Keywords: erythema, ImageJ, red area, rosacea, the VISIA® system
1. INTRODUCTION
Rosacea is a common chronic inflammatory skin disease of unknown etiology, 1 with a reported incidence ranging from 0.09% to 22% and an average of 5.46%. 2 Facial erythema is the most common and vital manifestation of rosacea. 3 It is considered to be caused by skin inflammation, vasodilation, and changes in vascular structure which result in the abnormal increase of hemoglobin in the papillary dermis. 4 Rosacea is a chronic relapsing skin condition that requires long‐term management. Therefore, it is crucial to assess the severity of facial erythema comprehensively and precisely.
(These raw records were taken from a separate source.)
Lemma adjoin_affine (K0 : {subfield L}) (x a c : L) :
  a \in K0 -> c \in K0 -> c != 0 -> <<K0; a + c * x>>%VS = <<K0; x>>%VS.
Proof.
move=> aK cK nzc; apply/eqP; rewrite eqEsubv; apply/andP; split.
  apply/FadjoinP; split; first exact: subv_adjoin.
  have inKx y : y \in K0 -> y \in <<K0; x>>%VS by apply/subvP/subv_adjoin.
  by apply: memvD; [exact: inKx | apply: memvM; [exact: inKx | exact: memv_adjoin]].
apply/FadjoinP; split; first exact: subv_adjoin.
set y := a + c * x.
have inKy t : t \in K0 -> t \in <<K0; y>>%VS by apply/subvP/subv_adjoin.
have -> : x = (y - a) / c by rewrite /y addrC addKr mulrC mulKf.
apply: memvM; last by rewrite memvV inKy.
by apply: memvB; [exact: memv_adjoin | exact: inKy].
Qed.

(* A Galois extension K/K0 has a nonzero integral primitive element: scale a
   primitive element by a suitable nonzero integer. *)
Lemma integral_primitive_element {K0 K : {subfield L}} : galois K0 K ->
  exists th : L, [/\ th \in K, Int th, th != 0 & <<K0; th>>%VS = K].
Proof.
case/and3P => sK0K sepK _.
set t0 := separable_generator K0 K.
have t0K : t0 \in K by rewrite /t0 separable_generator_mem.
have [a nz_a It] := exists_Int_multiple t0.
have nz_aL : (a%:~R : L) != 0.
  by rewrite -(rmorph_int (in_alg L)) fmorph_eq0 intr_eq0.
have Dth : <<K0; a%:~R * t0>>%VS = K.
  rewrite -[a%:~R * t0]add0r adjoin_affine ?rpred0 ?rpred_int //.
  by rewrite -(eq_adjoin_separable_generator sepK sK0K).
have [th0 | nz_th] := eqVneq (a%:~R * t0 : L) 0; last first.
  by exists (a%:~R * t0); rewrite rpredM ?rpred_int.
exists 1; split; [exact: rpred1 | exact: integral1 | exact: oner_neq0 |].
by rewrite -Dth th0 (Fadjoin_idP (rpred0 _)) (Fadjoin_idP (rpred1 _)).
Qed.
Lemma S_neighbour_notin c y : c \in S -> e c y -> y \notin S.
Proof. by move=> cS ecy; apply: contraL ecy; apply: Sdom.1. Qed.

Lemma S_neighbour_unique x y z :
  x \notin S -> y \in S -> z \in S -> e x y -> e x z -> y = z.
Proof.
move=> xS yS zS exy exz.
have /cards1P[c cE] : #|neighbours e x :&: S| == 1 by rewrite Sdom.2.
have : y \in neighbours e x :&: S by rewrite in_setI in_neighbours exy.
have : z \in neighbours e x :&: S by rewrite in_setI in_neighbours exz.
by rewrite cE !in_set1 => /eqP -> /eqP ->.
Qed.

Lemma component_star_rel c : c \in S -> component star_rel c = c |: neighbours e c.
Proof.
move=> cS; apply/setP => y; rewrite in_component in_setU1 in_neighbours.
apply/idP/idP => [|/orP[/eqP -> | ecy]]; last 2 first.
- exact: connect0.
- by apply: connect1; rewrite /star_rel /= ecy cS (S_neighbour_notin cS ecy).
apply: (connect_preserved (P := fun y => (y == c) || e c y)) => [a b|];
  last by rewrite eqxx.
case/orP => [/eqP -> | eca] /andP[eab]; first by rewrite eab orbT.
have aS := S_neighbour_notin cS eca.
rewrite (negbTE aS) /= negbK => bS.
by rewrite (S_neighbour_unique aS bS cS eab) ?eqxx // sym_e.
Qed.

Lemma star_rel_K13_centre c : c \in S -> is_K13_component star_rel c.
Proof.
move=> cS; rewrite /is_K13_component component_star_rel //; split.
  by rewrite cardsU1 in_neighbours irr_e cub_e.
exists c; first by rewrite setU11.
have leaf y : e c y -> (y \in S) = false /\ (y == c) = false.
  move=> ecy; rewrite (negbTE (S_neighbour_notin cS ecy)); split=> //.
  by apply: contraTF ecy => /eqP ->; rewrite irr_e.
move=> x y; rewrite !in_setU1 !in_neighbours /star_rel /=.
case/orP=> [/eqP-> | /[dup] ecx /leaf[-> ->]] /orP[/eqP-> | /[dup] ecy /leaf[-> ->]].
- by rewrite irr_e !eqxx.
- by rewrite ecy cS eqxx.
- by rewrite sym_e ecx cS eqxx.
- by rewrite andbF.
Qed.

Lemma star_rel_K13 v : is_K13_component star_rel v.
Proof.
have [vS | vS] := boolP (v \in S); first exact: star_rel_K13_centre.
have /cards1P[c cE] : #|neighbours e v :&: S| == 1 by rewrite Sdom.2.
have : c \in neighbours e v :&: S by rewrite cE set11.
rewrite in_setI in_neighbours => /andP[evc cS].
have vc : connect star_rel v c by apply: connect1; rewrite /star_rel /= evc cS (negbTE vS).
rewrite /is_K13_component (component_eq star_rel_sym vc).
exact: star_rel_K13_centre.
Qed.

End StarsAroundS.

Lemma perfect_star_packingP (T : finType) (e : rel T) :
  simple_graph e -> cubic e ->
  perfect_star_packing e <-> exists S, efficient_dominating e S.
Proof.
case=> sym_e irr_e cub_e; split=> [[H [He Hsym HK13]] | [S Sdom]].
  exists (star_centres H); split.
  - exact: star_centres_independent.
  - exact: star_centres_dominating.
exists (star_rel e S); split.
- by move=> x y /andP[].
- exact: star_rel_sym.
- exact: star_rel_K13.
Qed.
The standard grading system for rosacea (SGS), 5 clinician erythema assessment (CEA), 6 patient's self‐assessment (PSA), 7 and investigator's global assessment (IGA) 8 are currently widely used in dermatological practice. However, their intrinsic deficiencies include lack of objectivity and accuracy, 9 existing inter‐ and intraobserver differences, 6 and difficulty in precise quantification. 4 , 10 Therefore, more objective assessments without these deficiencies are required to evaluate the severity of facial erythema in rosacea accurately and consistently. 11
In some dermatological clinical trials, some devices are used to detect and quantify erythema, including the chromameter, polarized light spectroscopy, laser speckle contrast imaging, and computer‐assisted imaging system such as the VISIA® Complexion Analysis System. Among these, the VISIA® system is more commonly used in clinical practice. It collects images by standard white light, ultraviolet light, and polarized lights and then analyzes the photos using a threshold approach to quantify the number and severity of skin lesions. The red area image measures the skin's redness according to the hemoglobin distribution, showing erythema, dilated capillaries, and vascular lesions. However, in clinical practice, erythema cannot be fully segmented or recognized by the VISIA® system, especially when presented in a diffuse or gradient manner, making the data imprecise 4 (Figure 1).
FIGURE 1.

Blue area: erythema area segmented in the VISIA® system. Green arrow: diffuse or gradient erythema is not thoroughly segmented in the VISIA® system red image. Purple arrow: erythema is not automatically demarcated in the red image by the VISIA® system.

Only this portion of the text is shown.